Dice has accomplished the nontrivial. For the third quarter it earned more money and had more revenue, and now expects to end the year all better than Wall Street expected. For that, the Street rewarded the once-bankrupt job board company with a stunning 19 percent jump today in its stock price.
Dice Holdings, Inc., owner of owner of job boards in the financial, security and energy sectors, and Dice.com, its flagship IT career site, reported its third quarter financial results today.
“The third quarter performance included our best sales growth of any quarter this year illustrating how strongly we are performing in this sideways employment market,” said Scot Melland, chairman, president and CEO of Dice Holdings.

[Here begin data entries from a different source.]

(* Let $N_{\mathbb{R}}$ be a finite dimensional real vector space with dual $M_{\mathbb{R}}$, let $C\subset N_{\mathbb{R}}$ be a convex set with recession cone $\sigma=\mathrm{rec}(C)$, and let $g\colon C\to\mathbb{R}$ be a closed convex function which is bounded above, with recession function $\mathrm{rec}(g)$. Then: (1) for every $x\in C$, the function $y\mapsto g(x+y)-\mathrm{rec}(g)(y)$ on $\sigma$ is bounded above; (2) if $C$ is closed and $g$ is Lipschitz continuous, then for every $x\in C$ and every $m$ in the interior of $\sigma^\vee$, the function $y\mapsto g(x+y)-\mathrm{rec}(g)(y)+m(y)$ on $\sigma$ is bounded below; (3) if $\sigma$ is full dimensional, then for every $x\in C$ and every $0\neq m\in\sigma^\vee$, the function $y\mapsto g(x+y)-\mathrm{rec}(g)(y)+m(y)$ on $\sigma$ is not bounded above.
   Context: A convex function $g\colon C\to\mathbb{R}$ is closed if its epigraph $\{(x,y)\in C\times\mathbb{R}:y\ge g(x)\}$ is closed in $N_{\mathbb{R}}\times\mathbb{R}$. The recession cone is $\mathrm{rec}(C)=\{y\in N_{\mathbb{R}}:C+y\subset C\}$. The recession function is $\mathrm{rec}(g)(y)=\lim_{\lambda\to+\infty}(g(x+\lambda y)-g(x))/\lambda$ for $y\in\sigma$, which exists, is independent of $x\in C$, and (for $g$ bounded above) takes finite non-positive values. $\sigma^\vee=\{m\in M_{\mathbb{R}}:m(y)\ge0\ \forall y\in\sigma\}$. *)

From HB Require Import structures.
From mathcomp Require Import all_boot all_order all_algebra.
From mathcomp Require Import all_classical all_reals all_analysis.
Set Implicit Arguments. Unset Strict Implicit. Unset Printing Implicit Defensive.
Import Order.TTheory GRing.Theory Num.Theory.
Import numFieldNormedType.Exports.
Local Open Scope classical_set_scope.
Local Open Scope ring_scope.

Some of the revenue contribution came from acquisitions the company made this year. Rigzone (oil and gas industry news and jobs) and WorldwideWorker (energy industries with an emphasis on petroleum) contributed $1.5 million to revenue during the quarter. But even without them, Dice grew revenue by 23 percent over last year’s 3rd quarter.

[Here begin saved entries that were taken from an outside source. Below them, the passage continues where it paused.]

Lemma two_way_odd x : odd_count x = two_way x false true + two_way x true true.
Proof.
rewrite /odd_count /two_way -!wsumD; apply: eq_wsum => t; rewrite /two_way_cell.
by case: (t k); case: (parity t).
Qed.

Lemma two_way_rest_odd x :
  wsum x rest_odd = two_way x false true + two_way x true false.
Proof.
rewrite /two_way -!wsumD; apply: eq_wsum => t; rewrite /two_way_cell parity_rest.
by case: (t k); case: (rest_odd t).
Qed.

Lemma two_way_rest_even x :
  wsum x (fun t => ~~ rest_odd t) = two_way x false false + two_way x true true.
Proof.
rewrite /two_way -!wsumD; apply: eq_wsum => t; rewrite /two_way_cell parity_rest.
by case: (t k); case: (rest_odd t).
Qed.

Lemma two_way_witness x u v : 0 < two_way x u v -> exists t, 0 < x t /\ two_way_cell u v t.
Proof. by case/wsum_gt0 => t [xt]; rewrite lt0b; exists t. Qed.

Lemma clear_bit_neq a b : clear_bit a != clear_bit b -> exists2 j, j != k & a j != b j.
Proof.
case/neq_ffun=> j; have [->|jk] := eqVneq j k; first by rewrite !clear_bit_k.
by rewrite !clear_bit_at // => abj; exists j.
Qed.

Definition mixed_rests e x := [exists a, exists b, [&& 0 < x a, 0 < x b,
  two_way_cell true (~~ e) a, two_way_cell false e b & clear_bit a != clear_bit b]].

Lemma mixed_rests_step e x : mixed_rests e x ->
  exists2 x', exchange_step x x' & two_way x' true true + ~~ e = two_way x true true + e.
Proof.
case/existsP=> a /existsP[b /and5P[xa xb ca cb /clear_bit_neq[j jk abj]]].
move: ca cb; rewrite /two_way_cell => /andP[/eqP ak /eqP pa] /andP[/eqP bk /eqP pb].
have kj : k != j by rewrite eq_sym.
have abk : a k != b k by rewrite ak bk.
have pab : parity a != parity b by rewrite pa pb; case: (e).
have ex := swap_exchange abj kj abk pab; have [u _ _] := ex.
have ab : a != b by case/andP: u; rewrite inE negb_or => /andP[].
exists (apply_exchange x a b (set_bit j (b j) a) (set_bit j (a j) b)).
  by exists a, b, (set_bit j (b j) a), (set_bit j (a j) b).
have := wsum_apply_exchange (set_bit j (b j) a) (set_bit j (a j) b)
  (two_way_cell true true) ab xa xb.
rewrite /two_way /two_way_cell !parity_set_bit !set_bitE (negbTE kj) ak bk pa pb.
by move: abj; case: (e); case: (a j); case: (b j) => //= _; rewrite ?addn0.
Qed.

Lemma common_rest e x t1 t2 : ~~ mixed_rests e x -> 0 < x t1 -> 0 < x t2 ->
  two_way_cell true (~~ e) t1 -> two_way_cell false e t2 ->
  forall t, 0 < x t -> rest_odd t = e -> clear_bit t = clear_bit t1.
Proof.
move=> /existsPn none xt1 xt2 c1 c2.
have same a b : 0 < x a -> 0 < x b -> two_way_cell true (~~ e) a ->
    two_way_cell false e b -> clear_bit a = clear_bit b.
  move=> xa xb ca cb; apply/eqP; move/existsPn: (none a) => /(_ b).
  by rewrite xa xb ca cb /= negbK.
move=> t xt et; case tk: (t k).
- have ct : two_way_cell true (~~ e) t.
    by rewrite /two_way_cell parity_rest tk et; case: (e).
  by rewrite (same t t2) // (same t1 t2).
- have ct : two_way_cell false e t by rewrite /two_way_cell parity_rest tk et addbF !eqxx.
  exact/esym/same.
Qed.

Lemma rest_even_count_le x y t1 s1 : stats x = stats y ->
  rest_odd t1 = false -> rest_odd s1 = true ->
  (forall t, 0 < x t -> rest_odd t = false -> clear_bit t = clear_bit t1) ->
  (forall t, 0 < y t -> rest_odd t = true -> clear_bit t = clear_bit s1) ->
  wsum x (fun t => ~~ rest_odd t) <= wsum y (fun t => ~~ rest_odd t).
Proof.
move=> hs et1 es1 ux uy.
have : clear_bit t1 != clear_bit s1.
  by apply: contraTneq isT => e; move: et1 es1; rewrite /rest_odd e => ->.
case/clear_bit_neq=> j jk ts.
apply: (@leq_trans (wsum x (fun t => t j == t1 j))).
  apply: leq_wsum => t xt; case et: (rest_odd t) => //=.
  by rewrite -(clear_bit_at t jk) (ux t xt et) clear_bit_at // eqxx.
rewrite (stats_bit_count j (t1 j) hs).
apply: leq_wsum => t yt; case et: (rest_odd t) => /=; last by case: (_ == _).
rewrite -(clear_bit_at t jk) (uy t yt et) clear_bit_at //.
by move: ts; case: (t1 j); case: (s1 j).
Qed.

Lemma two_way_gap_step x y : stats x = stats y ->
  two_way y true true < two_way x true true ->
  (exists2 x', exchange_step x x' & (two_way x' true true).+1 = two_way x true true) \/
  (exists2 y', exchange_step y y' & two_way y' true true = (two_way y true true).+1).
Proof.
move=> hs lt.
have [mx | nmx] := boolP (mixed_rests false x).
  left; have [x' st e] := mixed_rests_step mx.
  by exists x' => //; move: e => /=; rewrite addn0 addn1.
have [my | nmy] := boolP (mixed_rests true y).
  right; have [y' st e] := mixed_rests_step my.
  by exists y' => //; move: e => /=; rewrite addn0 addn1.
(* Otherwise the even-rest cells of x share one rest and the odd-rest cells of y
   share another one; a coordinate separating the two rests has a larger margin
   in x than in y. *)
exfalso; move/statsP: (hs) => [ht hm ho].
have [] : [/\ 0 < two_way x true true, 0 < two_way x false false,
    0 < two_way y true false, 0 < two_way y false true &
    wsum y (fun t => ~~ rest_odd t) < wsum x (fun t => ~~ rest_odd t)].
  clear -lt hm ht ho; move: lt (hm k) ht ho.
  rewrite !two_way_margin !two_way_total !two_way_odd !two_way_rest_even.
  by move=> *; split; lia.
move=> /two_way_witness[t1 [xt1 c1]] /two_way_witness[t2 [xt2 c2]].
move=> /two_way_witness[s1 [ys1 d1]] /two_way_witness[s2 [ys2 d2]].
apply/negP; rewrite -leqNgt.
apply: (rest_even_count_le hs (two_way_cell_rest c1) (two_way_cell_rest d1)).
- exact: common_rest nmx xt1 xt2 c1 c2.
- exact: common_rest nmy ys1 ys2 d1 d2.
Qed.

Lemma equalize_two_way x y : stats x = stats y -> exists x' y',
  [/\ reachable x x', reachable y y' & two_way x' true true = two_way y' true true].
Proof.
move=> hs.
move gap : (two_way x true true - two_way y true true +
            (two_way y true true - two_way x true true)) => m.
elim: m x y hs gap => [|m IH] x y hs gap.
  by exists x, y; split; [exact: rt_refl | exact: rt_refl | lia].
wlog lt : x y hs gap / two_way y true true < two_way x true true.
  move=> W; case: (ltngtP (two_way y true true) (two_way x true true)) => [lt|lt|eq].
  - exact: W.
  - by have [y' [x' [ry rx e]]] := W y x (esym hs) ltac:(clear -gap; lia) lt; exists x', y'.
  - by exfalso; clear -gap eq; lia.
case: (two_way_gap_step hs lt) => [[x' st e] | [y' st e]].
- have hs' : stats x' = stats y by rewrite -(exchange_step_stats st).
  have [x'' [y'' [rx ry e']]] := IH x' y hs' ltac:(clear -gap lt e; lia).
  by exists x'', y''; split=> //; apply: reachable_step st rx.
- have hs' : stats x = stats y' by rewrite -(exchange_step_stats st).
  have [x'' [y'' [rx ry e']]] := IH x y' hs' ltac:(clear -gap lt e; lia).
  by exists x'', y''; split=> //; apply: reachable_step st ry.
Qed.
Lemma odds_bounded_posterior u n j0 b0 b :
  (forall j y, 0 <= u j y) -> odds_bounded n u ->
  odds_bounded (incr_at n j0) (posterior j0 b0 b u).
Proof.
move=> u_ge0 odds_u j y; rewrite /posterior /incr_at.
case: (eqVneq j j0) => [->|_]; last by rewrite addn0 !mulr1.
rewrite addn1 exprSr mulrACA; apply: ler_pM; last exact: answer_prob_flip.
- by rewrite mulr_ge0 // exprn_ge0 // ltW.
- by rewrite mulr_ge0 ?answer_prob_ge0 // ltW.
- exact: odds_u.
Qed.

Lemma sum_incr_at n j0 : (\sum_j incr_at n j0 j = \sum_j n j + 1)%N.
Proof.
rewrite big_split /=; congr (_ + _)%N.
by rewrite (bigD1 j0) //= eqxx big1 ?addn0 // => j /negbTE ->.
Qed.

Lemma wsucc_le_half_mass (B : nat) :
  (forall n, (\sum_j n j <= B)%N -> 1 <= \sum_j r ^+ n j) ->
  forall t u n, (forall j b, 0 <= u j b) -> odds_bounded n u ->
  (\sum_j n j + depth t <= B)%N -> 2 * wsucc u t <= mass u.
Proof.
move=> cover; elim=> [T|[j0 b0] next IHnext] u n u_ge0 odds_u depth_le.
  have [x /(ler_wpM2l (ler0n _ 2)) wsucc_le] := wsucc_Leaf_le T u_ge0.
  by apply: le_trans wsucc_le (weight_le_half_mass _ u_ge0 odds_u (cover _ _)); lia.
rewrite wsucc_Query (mass_posterior u j0 b0) mulrDr.
have IHb b : (depth (next b) <= maxn (depth (next true)) (depth (next false)))%N ->
    2 * wsucc (posterior j0 b0 b u) (next b) <= mass (posterior j0 b0 b u).
  move=> depth_b; apply: (IHnext b _ (incr_at n j0)).
  - exact: posterior_ge0.
  - exact: odds_bounded_posterior.
  - by rewrite sum_incr_at; move: depth_le => /=; lia.
by apply: lerD; apply: IHb; rewrite ?leq_maxl ?leq_maxr.
Qed.

Lemma sum_succ_prob_le (t : dtree ('I_k * bool)%type) :
  (8 <= k)%N -> (depth t)%:R < c * (2 * k)%N%:R * ln (2 * k)%N%:R ->
  \sum_x succ_prob p (dpath_real x) (dpath_good x) t <= #|{: {ffun 'I_k -> bool}}|%:R / 2.
Proof.
move=> k_ge8 depth_lt.
have cover n : (\sum_j n j <= depth t)%N -> 1 <= \sum_j r ^+ n j.
  move=> sum_n; apply: le_trans (card_le_sum_exprn _ _ (ltW r_gt0) (ltW r_lt1)).
  apply: (one_le_card_exprn r_gt0 r_lt1 c_ln_r k_ge8 _ depth_lt).
  exact: markov_count (ltn_trans (isT : (0 < 7)%N) k_ge8) sum_n.
have unif_weight x : weight (fun _ _ => 1) x = 1 by rewrite /weight big1.
have wsucc_unif : wsucc (fun _ _ => 1) t = \sum_x succ_prob p (dpath_real x) (dpath_good x) t.
  by apply: eq_bigr => x _; rewrite unif_weight mul1r.
have mass_unif : mass (fun _ _ => 1) = #|{: {ffun 'I_k -> bool}}|%:R.
  by rewrite /mass (eq_bigr (fun=> 1)) ?sumr_const.
rewrite ler_pdivlMr // mulrC -wsucc_unif -mass_unif.
apply: (wsucc_le_half_mass (n := fun _ => 0%N) cover) => [j b|j b|].
- exact: ler01.
- by rewrite expr0 mul1r.
- by rewrite big1.
Qed.

Lemma sum_dpath_alg_succ (A : seq (R * dtree ('I_k * bool)%type)) :
  \sum_(x : {ffun 'I_k -> bool}) alg_succ p (@dpath_ends k) (dpath_real x) A =
  \sum_(y <- A) y.1 * \sum_x succ_prob p (dpath_real x) (dpath_good x) y.2.
Proof. by rewrite /alg_succ exchange_big; apply: eq_bigr => y _; rewrite mulr_sumr. Qed.

Lemma dpath_deep_tree (A : seq (R * dtree ('I_k * bool)%type)) :
  (8 <= k)%N -> is_distr A ->
  (forall x, 1 - 4^-1 <= alg_succ p (@dpath_ends k) (dpath_real x) A) ->
  exists i : 'I_(size A), 0 < (nth (0, Leaf set0) A i).1 /\
    c * (2 * k)%N%:R * ln (2 * k)%N%:R <= (depth (nth (0, Leaf set0) A i).2)%:R.
Proof.
move=> k_ge8 distr_A succ_A.
have [/existsP[i /andP[w_pos deep]]|/existsPn shallow] := boolP [exists i : 'I_(size A),
  (0 < (nth (0, Leaf set0) A i).1) &&
  (c * (2 * k)%N%:R * ln (2 * k)%N%:R <= (depth (nth (0, Leaf set0) A i).2)%:R)].
  by exists i.
have succ_ge : \sum_(x : {ffun 'I_k -> bool}) (1 - 4^-1) <=
    \sum_x alg_succ p (@dpath_ends k) (dpath_real x) A by exact: ler_sum.
have avg_le : \sum_(y <- A) y.1 * \sum_x succ_prob p (dpath_real x) (dpath_good x) y.2
    <= #|{: {ffun 'I_k -> bool}}|%:R / 2.
  apply: (distr_average_le (F := fun t => \sum_x succ_prob p (dpath_real x) (dpath_good x) t))
    => // i i_lt w_pos.
  apply: sum_succ_prob_le k_ge8 _.
  by move: (shallow (Ordinal i_lt)); rewrite /= w_pos /= -ltNge.
have X_gt0 : 0 < #|{: {ffun 'I_k -> bool}}|%:R :> R.
  by rewrite ltr0n; apply/card_gt0P; exists [ffun=> true].
move: succ_ge; rewrite sumr_const sum_dpath_alg_succ -mulr_natr; lra.
Qed.

End NoisyQueryLowerBound.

Profit doubled over last year to $6.1 million, which translates into 9 cents a share. A consensus of Wall Street analysts predicted Dice would earn 6 cents. For the full year, analysts were expecting $123.57 in revenue. In today’s financial release, Dice said it expected to be around $127.6 million.
The company’s stock, which hit a low of $2.23 last year, closed today at $10.75, up 18.92 percent on the day.